I have an python application which creates number of threads for a job. each thread connects to mongodb and retrieve data. Number of allowed connection to mongodb is 200 which I'm taking care using semaphore. And once mongo querying job is done each thread closes mongodb connection. But while executing this application I'm getting same error for all threads.
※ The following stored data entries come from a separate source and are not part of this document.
Definition table_of_fst : table :=
  [ffun qa : 'I_K * bool =>
    if qa.1 < (fst_n T).+1 then
      let q := inord qa.1 : 'I_(fst_n T).+1 in
      (widen_ord states_le (fst_delta q qa.2), insub_bseq c (fst_nu q qa.2))
    else (qa.1, [bseq])].

Lemma run_table_of_fst q w : run_table table_of_fst (widen_ord states_le q) w = run_from q w.
Proof.
elim: w q => //= a w IH q; rewrite ffunE /= ltn_ord inord_val /= IH.
by rewrite /insub_bseq insubdK //; exact: size_nu_le.
Qed.

Lemma mem_cheap_windows (q : 'I_(fst_n T).+1) o w :
  o < c -> size w <= J -> size (take L (drop o (run_from q w))) = L ->
  take L (drop o (run_from q w)) \in cheap_windows.
Proof.
move=> oc wJ sizeL; rewrite mem_filter sizeL eqxx mem_undup.
have pad_size : size (w ++ nseq (J - size w) false) == J.
  by rewrite size_cat size_nseq subnKC.
apply/mapP; exists (table_of_fst, widen_ord states_le q, Ordinal oc,
  Ordinal (wJ : size w < J.+1), Tuple pad_size) => /=; first by rewrite mem_enum.
by rewrite take_size_cat // run_table_of_fst.
Qed.

End TableOfFST.
End Tables.

Lemma size_code_str w : size (code_str w) = (size w).*2.+1.
Proof. by rewrite /code_str size_rcons; elim: w => //= a w ->; rewrite doubleS. Qed.

Lemma fst_n_lt_size T : fst_n T < fst_size T.
Proof.
by rewrite /fst_size /fst_code size_cat /code_nat size_rcons size_nseq ltnS leq_addr.
Qed.

Lemma size_fst_nu_lt T (q : 'I_(fst_n T).+1) a : size (fst_nu q a) < fst_size T.
Proof.
rewrite /fst_size /fst_code !size_cat size_flatten sumnE big_map.
set qa_code := code_nat (fst_delta q a) ++ code_str (fst_nu q a).
have qa_in : qa_code \in [seq code_nat (fst_delta q a) ++ code_str (fst_nu q a)
                          | q <- enum 'I_(fst_n T).+1, a <- [:: false; true]].
  by apply/allpairsP; exists (q, a); split; rewrite ?mem_enum //; case: (a).
rewrite (big_rem _ qa_in) /= size_cat size_code_str; lia.
Qed.

Definition fst_id : FST := @MkFST 0 (fun q _ => q) (fun _ a => [:: a]) ord0.

Lemma fst_id_reachable : reachable fst_id.
Proof. by move=> q; exists [::]; apply/val_inj; case: q => [[]]. Qed.

Lemma fst_id_size : fst_size fst_id = 10.
Proof. by rewrite /fst_size /fst_code /= enum_ordSl enum_ord0. Qed.

Lemma fst_id_out p : fst_out fst_id p = p.
Proof. by rewrite /fst_out; elim: p => //= a p ->. Qed.

Section Windows.
Variables (k : nat) (T : FST) (p : seq bool) (L J : nat).
Hypothesis T_small : fst_size T <= k.

Local Notation y := (fst_out T p).
Local Notation N := (size y - L).
Local Notation window i := (take L.+1 (drop i y)).
Local Notation cheap := (cheap_windows k.+1 k J L.+1).
Local Notation emit := (emitter (fst_q0 T) p).
Local Notation cost i := (emit (i + L) - emit i).+1.

Lemma window_cheap_or_costly i : i < N -> (window i \in cheap) || (J < cost i).
Proof.
move=> iN.
have states_le : (fst_n T).+1 <= k.+1 by have := fst_n_lt_size T; lia.
have nu_le (q : 'I_(fst_n T).+1) a : size (fst_nu q a) <= k by have := size_fst_nu_lt q a; lia.
have iL : i + L < size (run_from (fst_q0 T) p) by rewrite -/(fst_out T p); lia.
have [q [o [w [oc size_w window_eq]]]] := output_window nu_le iL.
case: (leqP (cost i) J) => [cost_le|]; last by rewrite orbT.
rewrite /fst_out window_eq (mem_cheap_windows states_le nu_le) ?size_w //.
by rewrite -window_eq size_takel // size_drop -/(fst_out T p); lia.
Qed.

Lemma sum_cost_le : \sum_(i < N) cost i <= L * size p + N.
Proof.
have [-> | N_gt0] := posnP N; first by rewrite big_ord0.
under eq_bigr do rewrite -addn1.
rewrite big_split /= sum_nat_const card_ord muln1 leq_add2r.
apply: sum_shift_sub_le => [i j le_ij lt_j | j lt_j].
  by apply: emitter_mono => //; rewrite -/(fst_out T p); lia.
have : j < size (run_from (fst_q0 T) p) by rewrite -/(fst_out T p); lia.
by case/emitterP => /ltnW.
Qed.

Lemma expensive_windows_le :
  J.+1 * count (fun i => window i \notin cheap) (iota 0 N) <= L * size p + N.
Proof.
apply: leq_trans (sum_cost_le); apply: leq_trans (mul_count_gt_le_sum (fun i => cost i) J N).
rewrite leq_mul2l -(@eq_in_count _ (fun i => (window i \notin cheap) && (J < cost i))).
  by apply/orP; right; apply: sub_count => i /andP [].
move=> i; rewrite mem_iota add0n => /andP [_ iN].
by case/orP: (window_cheap_or_costly iN) => [-> // | ->]; rewrite andbT.
Qed.

End Windows.

Lemma exists_mul_le_exp2 A : exists2 d, 0 < d & A * d <= 2 ^ d.
Proof.
exists (A.+1).*2 => //; rewrite -addnn expnD expnS.
have := ltn_expl A (isT : 1 < 2); nia.
Qed.

Lemma cheap_windows_sparse k M : 0 < M -> exists J L,
  [/\ J < L, (L - J) * M = L
    & J.+1 * size (cheap_windows k.+1 k J L.+1) * M <= L * 2 ^ L.+1].
Proof.
move=> M_gt0; set C := #|{: table k.+1 k}| * k.+1 * k.
have [d d_gt0 le_d] := exists_mul_le_exp2 (C * M * M).
set L := d * M; have le_dL : d <= L by rewrite leq_pmulr.
exists (L - d), L; split; [lia | by rewrite subKn |].
have size_le : size (cheap_windows k.+1 k (L - d) L.+1) <= C * L * 2 ^ (L - d).
  apply: leq_trans (size_cheap_windows _ _ _ _) _; rewrite -/C leq_mul2r leq_mul2l; lia.
have exp_split : 2 ^ L = 2 ^ (L - d) * 2 ^ d by rewrite -expnD subnK.
apply: (@leq_trans (L * (C * L * 2 ^ (L - d)) * M)).
  by rewrite leq_mul2r leq_mul ?orbT // ltn_subrL d_gt0 (leq_trans d_gt0).
have -> : L * (C * L * 2 ^ (L - d)) * M = L * 2 ^ (L - d) * (C * M * M * d).
  by rewrite /L; ring.
apply: (@leq_trans (L * 2 ^ (L - d) * 2 ^ d)); first by rewrite leq_mul2l le_d orbT.
rewrite expnS exp_split; set X := 2 ^ (L - d) * 2 ^ d; rewrite -mulnA -/X; lia.
Qed.

(** * Normal sequences are incompressible by finite-state transducers *)

Lemma take_drop_mkseq (f : nat -> bool) n i l : i + l <= n ->
  take l (drop i (mkseq f n)) = mkseq (fun j => f (i + j)) l.
Proof.
move=> iln; rewrite /mkseq -map_drop -map_take drop_iota take_iota add0n.
rewrite (minn_idPl _) ?leq_subRL ?(leq_trans (leq_addr _ _) iln) //.
by rewrite -[in LHS](addn0 i) iotaDl -map_comp.
Qed.

Lemma count_windows_prefix (S : nat -> bool) n L (D : seq (seq bool)) :
  uniq D -> (forall x, x \in D -> size x = L.+1) ->
  count (fun i => take L.+1 (drop i (Defs.prefix S n)) \in D) (iota 0 (n - L)) =
  \sum_(x <- D) occ S x n.
Proof.
move=> uniqD sizeD; rewrite count_mem_uniq_sum // big_seq [RHS]big_seq.
apply: eq_bigr => x xD; rewrite /occ sizeD // subSS; apply: eq_in_count => i.
by rewrite mem_iota add0n => /andP [_ lt_i]; rewrite take_drop_mkseq //; lia.
Qed.

Local Open Scope classical_set_scope.
Local Open Scope ring_scope.

Lemma input_length_lb (R : realFieldType) (n P L J C beta eps M : R) :
  0 <= J -> J + 1 <= L -> (L - J) * M = L -> 4 <= eps * M ->
  (J + 1) * beta * M <= L -> 0 < eps -> 0 <= beta -> 0 <= n -> 4 * L <= eps * n ->
  C <= (beta + eps / 4) * n -> (J + 1) * (n - L - C) <= L * P + (n - L) ->
  (1 - eps) * n <= P.
Proof.
move=> J_ge0 JL LJM epsM betaM eps_gt0 beta_ge0 n_ge0 Ln C_le count_le.
have L_gt0 : 0 < L by lra.
(* Each of the four error terms is at most [eps * L * n / 4]. *)
have drop_le : (L - J) * n * 4 <= eps * L * n.
  have -> : eps * L * n = (L - J) * n * (eps * M) by rewrite -{1}LJM; ring.
  by rewrite ler_wpM2l ?mulr_ge0 //; lra.
have overlap_le : J * L * 4 <= eps * L * n.
  by have := ler_wpM2l (ltW L_gt0) Ln; nra.
have beta_le : (J + 1) * beta * n * 4 <= eps * L * n.
  have : (J + 1) * beta * n * 4 <= (J + 1) * beta * n * (eps * M).
    by rewrite ler_wpM2l ?mulr_ge0 //; lra.
  by have := ler_wpM2l (mulr_ge0 (ltW eps_gt0) n_ge0) betaM; nra.
have cheap_le : (J + 1) * C * 4 <= (J + 1) * beta * n * 4 + eps * L * n by nra.
by rewrite -(ler_pM2l L_gt0); lra.
Qed.

Lemma normal_windows_cvg (R : realType) (S : nat -> bool) (D : seq (seq bool)) l :
  @normal R S -> (forall x, x \in D -> size x = l) ->
  (\sum_(x <- D) ((occ S x n)%:R / n%:R : R)) @[n --> \oo] -->
    ((size D)%:R * 2%:R ^- l : R).
Proof.
move=> normalS sizeD.
have -> : (size D)%:R * 2%:R ^- l = \sum_(x <- D) (2%:R ^- size x : R).
  rewrite (eq_big_seq (fun _ => 2%:R ^- l)) => [|x /sizeD -> //].
  by rewrite big_const_seq count_predT iter_addr_0 mulr_natl.
by apply: cvg_big => [|x _]; [exact: add_continuous | exact: normalS].
Qed.

Lemma normal_input_length_lb (R : realType) (S : nat -> bool) k (eps : R) :
  0 < eps -> @normal R S ->
  \forall n \near \oo, forall T p, (fst_size T <= k)%N -> fst_out T p = Defs.prefix S n ->
    (1 - eps) * n%:R <= (size p)%:R.
Proof.
move=> eps_gt0 normalS.
set M := (Num.truncn (4 / eps)).+1.
have epsM : 4 <= eps * M%:R by rewrite -ler_pdivrMl // mulrC; exact/ltW/truncnS_gt.
have [J [L [JL LJM sparse]]] := cheap_windows_sparse k (ltn0Sn (Num.truncn (4 / eps))).
set D := cheap_windows k.+1 k J L.+1 in sparse *.
have sizeD := @size_cheap_windows_mem k.+1 k J L.+1.
set beta : R := (size D)%:R * 2%:R ^- L.+1.
have betaM : (J%:R + 1) * beta * M%:R <= L%:R.
  have -> : (J%:R + 1) * beta * M%:R = (J.+1 * size D * M)%:R / (2 ^ L.+1)%:R.
    by rewrite /beta natrX !natrM -natr1; ring.
  by rewrite ler_pdivrMr ?ltr0n ?expn_gt0 // -natrM ler_nat.
have eps4 : beta < beta + eps / 4 by rewrite ltrDl divr_gt0.
have freq_le : \forall n \near \oo, \sum_(x <- D) ((occ S x n)%:R / n%:R) <= beta + eps / 4.
  exact: (@cvgr_le _ _ _ eventually_filter _ _ (normal_windows_cvg normalS sizeD) _ eps4).
near=> n => T p T_small out_eq.
have LMn : (L * M < n)%N by near: n; exact: nbhs_infty_gt.
have freq_n : \sum_(x <- D) ((occ S x n)%:R / n%:R) <= beta + eps / 4.
  by near: n; exact: freq_le.
have n_gt0 : (0 < n)%N by lia.
have Ln : (L <= n)%N by apply: leq_trans (ltnW LMn); rewrite leq_pmulr.
set C := (\sum_(x <- D) occ S x n)%N.
have := expensive_windows_le p L J T_small; rewrite out_eq size_mkseq.
set E := count _ _ => E_le.
have CE : (C + E = n - L)%N.
  rewrite /C -(count_windows_prefix S n (cheap_windows_uniq _ _ _ _) sizeD).
  rewrite -[RHS](size_iota 0).
  exact: count_predC.
apply: (@input_length_lb _ n%:R _ L%:R J%:R C%:R beta eps M%:R) => //.
- by rewrite natr1 ler_nat.
- by rewrite -natrB ?(ltnW JL) // -natrM LJM.
- by rewrite /beta mulr_ge0 // invr_ge0 exprn_ge0.
- apply: le_trans (ler_wpM2r (ler0n _ L) epsM) _.
  by rewrite -mulrA ler_pM2l // -natrM ler_nat mulnC ltnW.
- by rewrite -ler_pdivrMr ?ltr0n // natr_sum mulr_suml.
- have C_le : (C <= n - L)%N by rewrite -CE leq_addr.
  move: E_le; rewrite -(@ler_nat R) -[E](addKn C) CE natrD !natrM -natr1 !natrB //.
Unshelve. all: by end_near.
Qed.

(** * Finite-state depth *)

Section FSBounds.
Variable R : realType.
Local Open Scope ereal_scope.

Lemma FS_ge0 k x : 0 <= @FS R k x.
Proof. by apply: le_ereal_inf_tmp => _ [p _ <-]; rewrite lee_fin. Qed.

Lemma FS_nonincreasing k k' x : (k <= k')%N -> @FS R k' x <= FS k x.
Proof.
move=> le_kk'; apply: ereal_inf_le_tmp => _ [p [T [reachT sizeT outT]] <-].
by exists p => //; exists T; split => //; exact: leq_trans le_kk'.
Qed.

Lemma FS_le_size k x : (10 <= k)%N -> @FS R k x <= (size x)%:R%:E.
Proof.
move=> k_ge10; apply: ereal_inf_lbound; exists x => //; exists fst_id.
by split; [exact: fst_id_reachable | rewrite fst_id_size | exact: fst_id_out].
Qed.

Lemma lb_FS k x (a : R) :
  (forall T p, (fst_size T <= k)%N -> fst_out T p = x -> (a <= (size p)%:R)%R) ->
  a%:E <= @FS R k x.
Proof.
by move=> lb; apply: le_ereal_inf_tmp => _ [p [T [_ sizeT outT]] <-]; rewrite lee_fin (lb T).
Qed.

Lemma FS_sub_le k k' x : @FS R k x - FS k' x <= FS k x.
Proof. by rewrite -[leRHS]sube0 leeB // FS_ge0. Qed.

End FSBounds.

Lemma le_limn_esup (R : realType) (u v : (\bar R)^nat) :
  (forall n, (u n <= v n)%E) -> (limn_esup u <= limn_esup v)%E.
Proof.
move=> le_uv; rewrite !limn_esup_lim; apply: lee_lim; [exact: is_cvg_esups.. |].
near=> m; apply: ge_ereal_sup => _ [n /= le_mn <-].
by apply: le_trans (le_uv n) _; apply: ereal_sup_ubound; exists n.
Unshelve. all: by end_near.
Qed.

Lemma limn_esup_lt (R : realType) (u : (\bar R)^nat) (a : \bar R) :
  (limn_esup u < a)%E -> \forall n \near \oo, (u n < a)%E.
Proof.
rewrite limn_esup_lim (cvg_lim _ (@cvg_esups_inf _ u)) //.
case/ereal_inf_lt => _ [m _ <-] lt_a; exists m => // n le_mn.
by apply: le_lt_trans lt_a; apply: ereal_sup_ubound; exists n.
Qed.

Lemma nonincreasing_limn_lt (R : realType) (u : (\bar R)^nat) (a : \bar R) :
  nonincreasing_seq u -> (limn u < a)%E -> exists k, (u k < a)%E.
Proof.
move=> u_noninc; rewrite (cvg_lim _ (ereal_nonincreasing_cvgn u_noninc)) //.
by case/ereal_inf_lt => _ [k _ <-]; exists k.
Qed.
Error is:
Traceback (most recent call last):
File "C:\Python34\lib\threading.py", line 921, in _bootstrap_inner
self.run()
File "C:\Python34\lib\threading.py", line 869, in run
self._target(*self._args, **self._kwargs)
File "C:/path/pytest/under_construction/testAlgo.py", line 95, in sample_thread
status=monObj.process_status(list_value1,list_value2,5,120,120)
File "C:\path\pytest\under_construction\mongo_lib.py", line 153, in process_status
result=self.mongo_result('Submission','find',q={})
File "C:\path\pytest\under_construction\mongo_lib.py", line 53, in mongo_result
result=list(_query[query_type.lower()](query_string[keys]))
File "C:\Python34\lib\site-packages\pymongo\cursor.py", line 1076, in __next__
if len(self.__data) or self._refresh():
File "C:\Python34\lib\site-packages\pymongo\cursor.py", line 1037, in _refresh
limit, self.__id))
File "C:\Python34\lib\site-packages\pymongo\cursor.py", line 933, in __send_message
res = client._send_message_with_response(message, **kwargs)
File "C:\Python34\lib\site-packages\pymongo\mongo_client.py", line 1205, in _send_message_with_response
response = self.__send_and_receive(message, sock_info)
File "C:\Python34\lib\site-packages\pymongo\mongo_client.py", line 1182, in __send_and_receive
return self.__receive_message_on_socket(1, request_id, sock_info)
File "C:\Python34\lib\site-packages\pymongo\mongo_client.py", line 1174, in __receive_message_on_socket
return self.__receive_data_on_socket(length - 16, sock_info)
File "C:\Python34\lib\site-packages\pymongo\mongo_client.py", line 1153, in __receive_data_on_socket
chunk = sock_info.sock.recv(length)
MemoryError
Code for creating mongo connection
client=MongoClient(mc_name,port)
I was thinking, is this error due to results of all threads accumulating at one port of machine running my application?
MongoClient is a thread-safe connection pool, so you should be creating a single instance that's shared by all the worker threads rather than having each thread create its own.
The connection pool size defaults to 100, but if you want to make it even larger you can use the maxPoolSize parameter to do that (e.g. maxPoolSize=200).